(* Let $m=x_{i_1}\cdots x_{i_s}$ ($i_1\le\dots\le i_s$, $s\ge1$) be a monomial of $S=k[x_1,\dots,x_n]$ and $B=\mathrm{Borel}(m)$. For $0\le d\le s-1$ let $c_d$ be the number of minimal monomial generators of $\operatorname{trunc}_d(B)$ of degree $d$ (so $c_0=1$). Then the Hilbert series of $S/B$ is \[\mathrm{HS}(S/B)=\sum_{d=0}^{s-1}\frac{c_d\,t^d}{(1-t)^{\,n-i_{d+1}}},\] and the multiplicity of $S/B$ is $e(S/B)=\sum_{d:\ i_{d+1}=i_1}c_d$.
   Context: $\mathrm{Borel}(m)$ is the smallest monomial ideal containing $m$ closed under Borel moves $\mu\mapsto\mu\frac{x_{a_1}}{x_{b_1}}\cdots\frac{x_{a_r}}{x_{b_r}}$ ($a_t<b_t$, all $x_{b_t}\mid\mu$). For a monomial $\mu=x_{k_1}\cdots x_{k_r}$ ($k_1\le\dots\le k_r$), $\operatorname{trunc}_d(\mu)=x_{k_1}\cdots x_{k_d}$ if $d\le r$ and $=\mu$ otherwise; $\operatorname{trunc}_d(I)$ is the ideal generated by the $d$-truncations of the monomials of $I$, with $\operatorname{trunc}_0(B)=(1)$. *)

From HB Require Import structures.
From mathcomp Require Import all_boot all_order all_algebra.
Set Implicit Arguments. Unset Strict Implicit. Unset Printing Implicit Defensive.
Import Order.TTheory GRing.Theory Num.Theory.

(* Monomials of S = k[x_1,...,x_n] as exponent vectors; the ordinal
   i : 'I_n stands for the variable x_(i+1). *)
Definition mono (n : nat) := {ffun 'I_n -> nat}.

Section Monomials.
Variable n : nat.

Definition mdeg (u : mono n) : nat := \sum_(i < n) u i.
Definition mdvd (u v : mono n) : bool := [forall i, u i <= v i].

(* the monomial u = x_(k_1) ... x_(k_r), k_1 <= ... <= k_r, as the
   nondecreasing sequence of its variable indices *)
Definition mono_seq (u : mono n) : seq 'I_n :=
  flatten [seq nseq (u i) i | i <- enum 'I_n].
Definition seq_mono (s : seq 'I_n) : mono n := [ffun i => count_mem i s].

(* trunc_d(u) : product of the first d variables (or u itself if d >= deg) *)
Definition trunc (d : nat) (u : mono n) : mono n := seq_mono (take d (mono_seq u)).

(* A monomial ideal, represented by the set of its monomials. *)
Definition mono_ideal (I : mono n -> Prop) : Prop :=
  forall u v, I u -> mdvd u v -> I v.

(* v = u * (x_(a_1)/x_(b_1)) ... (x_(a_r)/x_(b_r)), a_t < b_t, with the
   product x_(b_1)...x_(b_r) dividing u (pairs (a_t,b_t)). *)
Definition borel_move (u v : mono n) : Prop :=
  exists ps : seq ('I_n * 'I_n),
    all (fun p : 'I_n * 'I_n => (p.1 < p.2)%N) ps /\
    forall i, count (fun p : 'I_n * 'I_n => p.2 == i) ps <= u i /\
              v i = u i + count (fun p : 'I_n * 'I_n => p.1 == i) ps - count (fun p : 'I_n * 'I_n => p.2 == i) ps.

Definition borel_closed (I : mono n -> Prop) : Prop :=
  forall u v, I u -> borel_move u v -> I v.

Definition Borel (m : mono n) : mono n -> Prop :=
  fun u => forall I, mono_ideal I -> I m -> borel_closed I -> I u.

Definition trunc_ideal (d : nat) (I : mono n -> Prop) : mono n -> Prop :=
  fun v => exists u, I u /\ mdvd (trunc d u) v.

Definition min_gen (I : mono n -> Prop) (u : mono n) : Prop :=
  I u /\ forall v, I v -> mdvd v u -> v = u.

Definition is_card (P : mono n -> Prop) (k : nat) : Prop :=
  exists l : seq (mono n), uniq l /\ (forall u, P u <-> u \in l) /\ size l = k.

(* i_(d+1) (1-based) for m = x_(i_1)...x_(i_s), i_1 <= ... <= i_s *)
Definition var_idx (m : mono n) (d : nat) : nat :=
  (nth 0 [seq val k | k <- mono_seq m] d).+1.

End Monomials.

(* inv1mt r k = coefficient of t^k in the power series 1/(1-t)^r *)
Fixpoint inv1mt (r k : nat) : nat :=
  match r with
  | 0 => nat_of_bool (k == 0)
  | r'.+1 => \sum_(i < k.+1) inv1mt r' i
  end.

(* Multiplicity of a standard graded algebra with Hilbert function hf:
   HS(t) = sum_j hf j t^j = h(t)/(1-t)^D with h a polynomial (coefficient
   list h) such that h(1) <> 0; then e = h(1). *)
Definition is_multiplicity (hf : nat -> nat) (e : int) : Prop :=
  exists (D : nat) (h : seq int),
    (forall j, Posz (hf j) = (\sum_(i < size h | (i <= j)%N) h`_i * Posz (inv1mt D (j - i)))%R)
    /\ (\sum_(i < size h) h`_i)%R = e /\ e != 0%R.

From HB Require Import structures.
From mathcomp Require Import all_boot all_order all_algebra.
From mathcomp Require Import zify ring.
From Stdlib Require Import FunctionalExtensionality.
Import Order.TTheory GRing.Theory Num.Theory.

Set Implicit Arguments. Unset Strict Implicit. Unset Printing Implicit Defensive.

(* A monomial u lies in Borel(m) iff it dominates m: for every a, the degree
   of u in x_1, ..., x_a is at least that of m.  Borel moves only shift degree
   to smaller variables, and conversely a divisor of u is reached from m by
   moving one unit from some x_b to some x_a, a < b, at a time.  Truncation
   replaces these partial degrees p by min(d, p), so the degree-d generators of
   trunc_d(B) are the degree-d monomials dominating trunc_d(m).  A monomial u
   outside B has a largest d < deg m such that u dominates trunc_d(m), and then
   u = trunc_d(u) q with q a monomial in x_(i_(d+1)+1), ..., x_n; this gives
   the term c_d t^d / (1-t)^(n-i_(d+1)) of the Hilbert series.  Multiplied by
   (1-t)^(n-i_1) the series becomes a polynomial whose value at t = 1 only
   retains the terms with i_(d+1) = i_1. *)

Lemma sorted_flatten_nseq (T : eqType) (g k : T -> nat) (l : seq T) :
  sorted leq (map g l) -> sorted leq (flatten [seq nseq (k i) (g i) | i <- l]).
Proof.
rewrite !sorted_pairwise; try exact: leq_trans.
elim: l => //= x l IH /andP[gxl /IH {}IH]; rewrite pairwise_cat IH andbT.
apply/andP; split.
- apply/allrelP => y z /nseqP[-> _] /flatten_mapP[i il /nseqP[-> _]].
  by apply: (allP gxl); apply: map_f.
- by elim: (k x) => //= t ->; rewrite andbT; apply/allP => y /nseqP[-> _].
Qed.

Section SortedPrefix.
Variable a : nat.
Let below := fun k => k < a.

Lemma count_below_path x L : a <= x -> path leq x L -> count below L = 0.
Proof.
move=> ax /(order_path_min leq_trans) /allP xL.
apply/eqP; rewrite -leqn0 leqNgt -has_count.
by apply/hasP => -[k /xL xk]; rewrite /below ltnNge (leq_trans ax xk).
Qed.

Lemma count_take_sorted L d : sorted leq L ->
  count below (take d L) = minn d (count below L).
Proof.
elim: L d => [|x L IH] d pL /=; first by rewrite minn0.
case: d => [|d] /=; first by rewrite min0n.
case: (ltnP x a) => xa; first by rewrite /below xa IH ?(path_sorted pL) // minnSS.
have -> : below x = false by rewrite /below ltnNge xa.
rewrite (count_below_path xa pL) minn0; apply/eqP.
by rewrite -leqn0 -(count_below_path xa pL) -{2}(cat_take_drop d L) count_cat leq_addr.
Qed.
· · ·
> Task instructions:
Reproduce exactly the lines from the one containing "Let below := fun k => k < a." through the last line of the records above, including both, and nothing else.

> Solution to this exercise:
Let below := fun k => k < a.

Lemma count_below_path x L : a <= x -> path leq x L -> count below L = 0.
Proof.
move=> ax /(order_path_min leq_trans) /allP xL.
apply/eqP; rewrite -leqn0 leqNgt -has_count.
by apply/hasP => -[k /xL xk]; rewrite /below ltnNge (leq_trans ax xk).
Qed.

Lemma count_take_sorted L d : sorted leq L ->
  count below (take d L) = minn d (count below L).
Proof.
elim: L d => [|x L IH] d pL /=; first by rewrite minn0.
case: d => [|d] /=; first by rewrite min0n.
case: (ltnP x a) => xa; first by rewrite /below xa IH ?(path_sorted pL) // minnSS.
have -> : below x = false by rewrite /below ltnNge xa.
rewrite (count_below_path xa pL) minn0; apply/eqP.
by rewrite -leqn0 -(count_below_path xa pL) -{2}(cat_take_drop d L) count_cat leq_addr.
Qed.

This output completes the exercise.